Krige then goes on to blame “the spirit of anarchy” evident in society, and of course this is what brings ‘Satanism’ into schools according to Krige, who further blames Satanists for disrupting families. The teenage years of a child’s development are marked by the child trying to establish themselves as an individual outside of their family unit. When this natural phase of development is met with resistance by parents, it turns into rebellion. If ‘Satanism’ is presented as the great taboo, as it is within such conservative Christian families, then it becomes obvious what a rebellious teenager will attempt to experiment with for shock value- the very myths regarding Satanism they learnt from parents, pastors and teachers.
Even traditional healers are not safe from Krige’s biased eye as he claims that, “people who go to witch doctors are opening doors to Satanism, as witch doctors are actually practicing Satanism whether they believe it or not.” This only shows the purely Christian bias that sees ‘the devil’ in every other spiritual or religious practice outside of Christianity.
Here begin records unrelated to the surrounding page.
Lemma herder_wins_acyclic n d D D1 x w :
  herds_from n d -> path_depth_le (cur D) (S d) x -> inclusion V (cur D1) (cur D) ->
  no_cycle_through (cur D1) x -> clos_refl_trans V (cur D) x w ->
  herder_wins adj (S (S n)) D1 w.
Proof.
  intros IH Hdepth Hsub Hacyc Hxw.
  destruct (classic (clos_refl_trans V (cur D1) x w)) as [Hxw1|Hsep].
  - destruct (classic (w = x)) as [->|Hwx].
    + destruct (classic (isolated adj D1 x)) as [Hiso|Hiso]; [now left|].
      apply not_all_not_ex in Hiso. destruct Hiso as [y Hxy].
      right. exists x, y. split; [exact Hxy|]. intros w' Hw'x Hxw'.
      eapply herder_wins_cut_bridge; [exact IH | exact Hdepth | | | exact Hw'x | exact Hxw'].
      * intros a b Hab. apply Hsub. eapply cur_adj_cons_incl. exact Hab.
      * eapply no_cycle_through_mono; [apply cur_adj_cons_incl | exact Hacyc].
    + apply herder_wins_S. eapply herder_wins_cut_bridge; try eassumption.
      apply clos_rt_t_neq; [exact Hxw1 | congruence].
  - destruct (path_depth_le_reroot (cur D) (cur D1) d x w (cur_sym D1)
      Hsub Hdepth Hxw Hsep) as [y [Hdepth' Hyw]].
    apply (herder_wins_le adj n); [lia|]. exact (IH _ _ _ Hdepth' Hyw).
Qed.

Lemma herds_from_S n d : herds_from n d -> herds_from (phase_cost + n) (S d).
Proof.
  intros IH D x v Hdepth Hxv.
  assert (Hbound : forall fam, disjoint_cycles_at (cur D) x fam -> length fam < k).
  { intros fam. apply (disjoint_cycles_at_length_lt _ _ adj); [apply cur_adj_incl | auto]. }
  destruct (disjoint_cycles_at_maximal (cur D) x k Hbound) as [fam [Hfam Hmax]].
  pose proof (length_disjoint_cycles_edges _ x adj k fam (cur_adj_incl adj D) no_path Hfam).
  pose proof (Hbound fam Hfam).
  apply (herder_wins_le adj (length (flat_map cycle_edges fam) + S (S n))).
  { unfold phase_cost. nia. }
  apply herder_wins_delete_all. intros D1 w Hsub Hcut Hvw.
  eapply herder_wins_acyclic; [exact IH | exact Hdepth | exact Hsub | |].
  - eapply maximal_disjoint_cycles_cover; try eassumption. apply cur_sym.
  - eapply rt_trans; eassumption.
Qed.

Lemma herds_from_depth d : herds_from (d * phase_cost) d.
Proof.
  induction d as [|d IH]; [apply herds_from_0|].
  rewrite Nat.mul_succ_l, Nat.add_comm. now apply herds_from_S.
Qed.

End Strategy.

Theorem mainTheorem18 (V : Type) (adj : V -> V -> Prop)
  (adj_sym : forall x y, adj x y -> adj y x)
  (adj_irrefl : forall x, ~ adj x x)
  (k : nat) (hk : 0 < k)
  (no_path : ~ has_path_on adj k)
  (few_cycles : forall v, ~ on_k_disjoint_cycles adj v k) :
  cat_le adj (k * k * k + 3 * k - (2 * k * k + 2)).
Proof.
  intros v.
  apply (herder_wins_le adj ((k - 1) * phase_cost k)).
  { unfold phase_cost. destruct k as [|j]; [lia|]. replace (S j - 1) with j by lia. nia. }
  apply (herds_from_depth adj adj_sym adj_irrefl k no_path few_cycles (k - 1) [] v v);
    [|apply rt_refl].
  intros t Hnd Hw.
  apply (is_walk_mono _ adj) in Hw; [|apply cur_adj_incl].
  pose proof (path_length_lt adj k (v :: t) no_path Hnd Hw). lia.
Qed.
However, as with almost every other Christian article, the big sell is always saved for last.
“After almost 30 years in the field he [Krige] has found that the only way that people are set free from Satanism, anarchy and drugs is by a decision for Jesus Christ and then undergoing discipleship first before rehabilitation.”
The entire point of this article is to instill fear and prejudice in the Christian heart by employing the commentary of authority figures. However in the process of attempting to reign in the flock, the author perpetuates lies regarding Satanism and underhandedly attempts to paint Paganism as synonymous with the mythical Satanism of their creation. Such tactics and blatant lies are not to be taken lightly as they pave the way for greater way-siding and discrimination against minority religions not just by Christian news sites, but by government institutions that are in place to uphold the law, not turn a blind eye to it.